Monday, August 16, 2010

Own the Cheese

So  I started watching Battlestar Galactica (2004) last night. Among several good narrative techniques was this nice dialogue exchange, between two pilots, one of whom is in the brig for striking a superior officer:

Apollo: So what are you in for this time?

Starbuck: Striking a superior asshole.

Apollo: You been waiting all day to say that?

Starbuck: Most of the afternoon, yeah.

I loved that, and here's why: if the writers had let it go after Starbuck's first line, I'd have groaned. Hardy-har. Starbuck would've been just a cocky jerk with nothing better to do in the lockup than throw blame at someone else.

Instead, I laughed for real, happy not only that Starbuck got called out on her lame joke, but that the writers called themselves out. In doing so, they turned a line that could have been a brick into an exchange that showed some history between the characters and gave Starbuck a likeability that will conflict well with any dumb moves her character will probably make in the future.

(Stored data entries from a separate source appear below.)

(* Let $m$ be a non-negative integer. Then there is at most one tuple of complex numbers $(c_0,c_2,c_4,\dots,c_{2m})$ such that, identically as meromorphic functions of $s\in\mathbb{C}$, $$\zeta(-2m-1,s+2m+1)+c_{2m}\zeta(-2m,s+2m)+c_{2m-2}\zeta(-2m+2,s+2m-2)+\cdots+c_2\zeta(-2,s+2)+c_0\,\zeta(0,s)/2\equiv0;$$ that is, if such coefficients exist, they are uniquely determined.
   Context: For an integer $c\ge 0$, $\zeta(-c,s+c)$ denotes the Euler–Zagier double zeta function $\zeta(s_1,s_2)=\sum_{1\le n_1<n_2} n_1^{-s_1}n_2^{-s_2}$ evaluated at $(s_1,s_2)=(-c,s+c)$; i.e. it is the meromorphic continuation to all $s\in\mathbb{C}$ of the series $\sum_{m,n\ge1} m^{c}(m+n)^{-s-c}$, which converges absolutely for $\Re(s)>2$. *)

From Stdlib Require Import Reals.
From Coquelicot Require Import Coquelicot.
Open Scope R_scope.

(* Complex power N^(-s) = exp(-s ln N) for a positive integer N and s : C:
   exp(-Re s * ln N) * (cos(Im s * ln N) - i sin(Im s * ln N)). *)
Definition cpow_neg (N : nat) (s : C) : C :=
  Cmult (RtoC (exp (- Re s * ln (INR N))))
        (cos (Im s * ln (INR N)), - sin (Im s * ln (INR N))).

(* Summand of zeta(-c, s+c) = sum_{m,n>=1} m^c (m+n)^(-s-c);
   indices i, j >= 0 stand for m = i+1, n = j+1. *)
Definition dz_term (c : nat) (s : C) (i j : nat) : C :=
  Cmult (RtoC (INR (S i) ^ c))
        (cpow_neg (S i + S j) (Cplus s (RtoC (INR c)))).

(* zeta(-c, s+c) on its domain of absolute convergence Re s > 2, as the
   (absolutely convergent, hence order-independent) iterated double series. *)
Definition dzeta (c : nat) (s : C) : C :=
  (Series (fun i => Series (fun j => Re (dz_term c s i j))),
   Series (fun i => Series (fun j => Im (dz_term c s i j)))).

In short, the writers owned the cheese in the line, and made it do double -- even triple -- duty for them.

Can you think of a situation where a writer's moves impressed you? How did they do it?

3 ate pie:

Anna said...

I looooved BSG! It was such a good show with great writing and acting. And it inspired me to say "frack" and to accuse everyone of being a Cylon - so much fun!

Shaun Hutchinson said...

The new BSG is amazing. You'll love it. Even the much maligned finale was superb. The show took a lot of risks, not all of them paid off, but I have mad respect for the writers.

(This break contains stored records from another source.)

Lemma trB_lang_cons (x y : QB FS) a v :
  trB A x a y -> lang A (val y) v -> lang A (val x) (wcons a v).
Proof.
case=> [[_ [ht _]] | [_ [q'' [[ht _] he]]]] hv; first exact: lang_cons ht hv.
by apply: lang_cons ht _; apply/he.
Qed.

Lemma B_lang_sub q w : lang B q w -> lang A (val q) w.
Proof.
move=> [b [[b0 hb] [N hN]]]; rewrite -b0.
apply: (@lang_of_suffix _ _ _ (fun j => val (b j)) w N) => [j v | ].
  exact: trB_lang_cons (hb j).
by apply/safe_lang_lang/B_safe_lang; exact: run_safe_lang_drop hb hN (leqnn N).
Qed.

Lemma B_shadow_step (b : QB FS) a t t' : lang_equiv A (val b) t -> tr A t a t' ->
  exists b', [/\ trB A b a b', lang_equiv A (val b') t' &
                 ~ has_safe A (val b) a -> precsim A t' (val b')].
Proof.
move=> hbt ht; have [hs | hns] := pselect (has_safe A (val b) a).
  have [b' /B_safe_trE hb'] := B_has_safe hs.
  exists b'; split=> //; first by left.
  exact: (lang_equiv_succ semdetA hbt hb'.1 ht).
have [g hg] := frontier_dominates semdetA normalA sdetA frA t'.
have [s hs] := succA (val b) a.
have hs_alpha : alpha_tr A (val b) a s.
  by split=> //; apply: contrapT => hnacc; apply: hns; exists s.
have hgs : lang_equiv A (val g) s.
  move=> v; rewrite -(hg.1 v).
  exact: (lang_equiv_succ semdetA (fun u => iff_sym (hbt u)) ht hs v).
exists g; split=> //; first by right; split=> //; exists s.
by move=> v; rewrite (hg.1 v).
Qed.

Lemma B_run_safe_from (b : nat -> QB FS) w j :
  (forall i, trB A (b i) (w i) (b i.+1)) -> safe_lang A (val (b j)) (wdrop j w) ->
  forall i, j <= i -> has_safe A (val (b i)) (w i).
Proof.
move=> hb hj; suff hk k : safe_lang A (val (b (j + k))) (wdrop (j + k) w).
  move=> i /subnKC <-; have := hk (i - j); rewrite wdropS => hsafe.
  by have [y hy _] := safe_lang_uncons hsafe; exists y.
elim: k => [|k IH]; first by rewrite addn0.
rewrite wdropS in IH; have [y hy hyv] := safe_lang_uncons IH.
have hs : has_safe A (val (b (j + k))) (w (j + k)) by exists y.
by rewrite addnS -(sdetA hy (trB_safe (hb _) hs)).
Qed.

Lemma B_lang_sup q w : lang A (val q) w -> lang B q w.
Proof.
move=> hw; have [f [f0 [ftr facc]]] := gfgA (val q).
pose t i := f (mkseq w i).
have ht i : tr A (t i) (w i) (t i.+1) by rewrite /t mkseqS; exact: ftr.
have [N hN] := facc w hw.
have hq : lang_equiv A (val q) (t 0) by rewrite /t f0.
have step i (b : QB FS) : lang_equiv A (val b) (t i) -> exists b',
    (trB A b (w i) b' /\ (~ has_safe A (val b) (w i) -> precsim A (t i.+1) (val b'))) /\
    lang_equiv A (val b') (t i.+1).
  by move=> hbt; have [b' [? ? ?]] := B_shadow_step hbt (ht i); exists b'.
have [b [b0 hb]] := dependent_choice hq step.
exists b; split; first by split=> // i; exact: (hb i).2.1.
suff [M hM] : exists M, forall i, M <= i -> has_safe A (val (b i)) (w i).
  by exists M => i hi [hns _]; exact: hns (hM i hi).
have [[k [hk hns]] | allsafe] := pselect (exists k, N <= k /\ ~ has_safe A (val (b k)) (w k)).
  exists k.+1; apply: B_run_safe_from (fun i => (hb i).2.1) _.
  exact: ((hb k).2.2 hns).2 _ (run_safe_lang_drop ht hN (leqW hk)).
exists N => i hi; apply: contrapT => hns; apply: allsafe; by exists i.
Qed.

Lemma B_lang q w : lang B q w <-> lang A (val q) w.
Proof. by split; [exact: B_lang_sub | exact: B_lang_sup]. Qed.

Lemma B_alpha_homogenous : alpha_homogenous B.
Proof.
move=> q a; have [hs | hns] := pselect (has_safe A (val q) a).
  by left=> -[s [_ [hns _]]]; exact: hns hs.
by right=> -[s /B_safe_trE hs]; apply: hns; exists (val s).
Qed.

Lemma B_safe_det : safe_det B.
Proof. by move=> q a s s' /B_safe_trE hs /B_safe_trE hs'; apply: val_inj; exact: sdetA hs hs'. Qed.

Lemma B_safe_live q a s : safe_tr B q a s -> exists v, safe_lang B s v.
Proof. by move=> /B_safe_trE /(safe_tr_live normalA) [v hv]; exists v; apply/B_safe_lang. Qed.

Lemma B_alpha_maximal : alpha_maximal_up_to_homogeneity B.
Proof.
split; first exact: B_alpha_homogenous.
move=> q a noSafe s [s' [eqs ht]].
have hns : ~ has_safe A (val q) a by move/B_has_safe.
case: ht => [[hs _] // | [_ [q'' [hal he]]]]; right; split=> //; exists q''; split=> // v.
by rewrite -(he v) -!B_lang eqs.
Qed.

End FrontierAutomaton.

Theorem mainTheorem5 (Sigma Q : finType) (A : tNCW Sigma Q)
  (FS : {set {set Q}}) (q0 : QB FS) :
  wf_tNCW A -> nice A -> GFG A -> frontier A FS -> admissible_init A FS q0 ->
  alpha_maximal_up_to_homogeneity (C_aut (B_aut A FS q0)).
Proof.
move=> [succA _] [_ [gfgA [normalA [sdetA semdetA]]]] _ frA _.
apply: C_alpha_maximal.
- exact: B_alpha_homogenous.
- exact: B_safe_det.
- exact: B_safe_live normalA frA.
- exact: B_alpha_maximal semdetA normalA sdetA frA succA gfgA.
Qed.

I think Jane Espenson and Ben Edlund are both brilliant at this type of self-awareness. Espenson was a Buffy writer who also wrote some BSG later in the series, and helmed the spin-off Caprica. She's got a really keen eye for keeping jokes fresh and wringing all the juice out of them. Edlund writes for Supernatural now, but I first discovered him as the writer/creator of the comic book The Tick. He's got a way of taking groan-worthy stuff and making it amazing. He winks at the audience in ways that other writers could only dream of. It's pretty great actually.

nomadshan said...

Anna - so that's where frack came from. :)

Shaun - I used to read Jane Espenson's blog (didn't she announce a couple years ago that she couldn't think of any more advice to give?). I always found her examples insightful.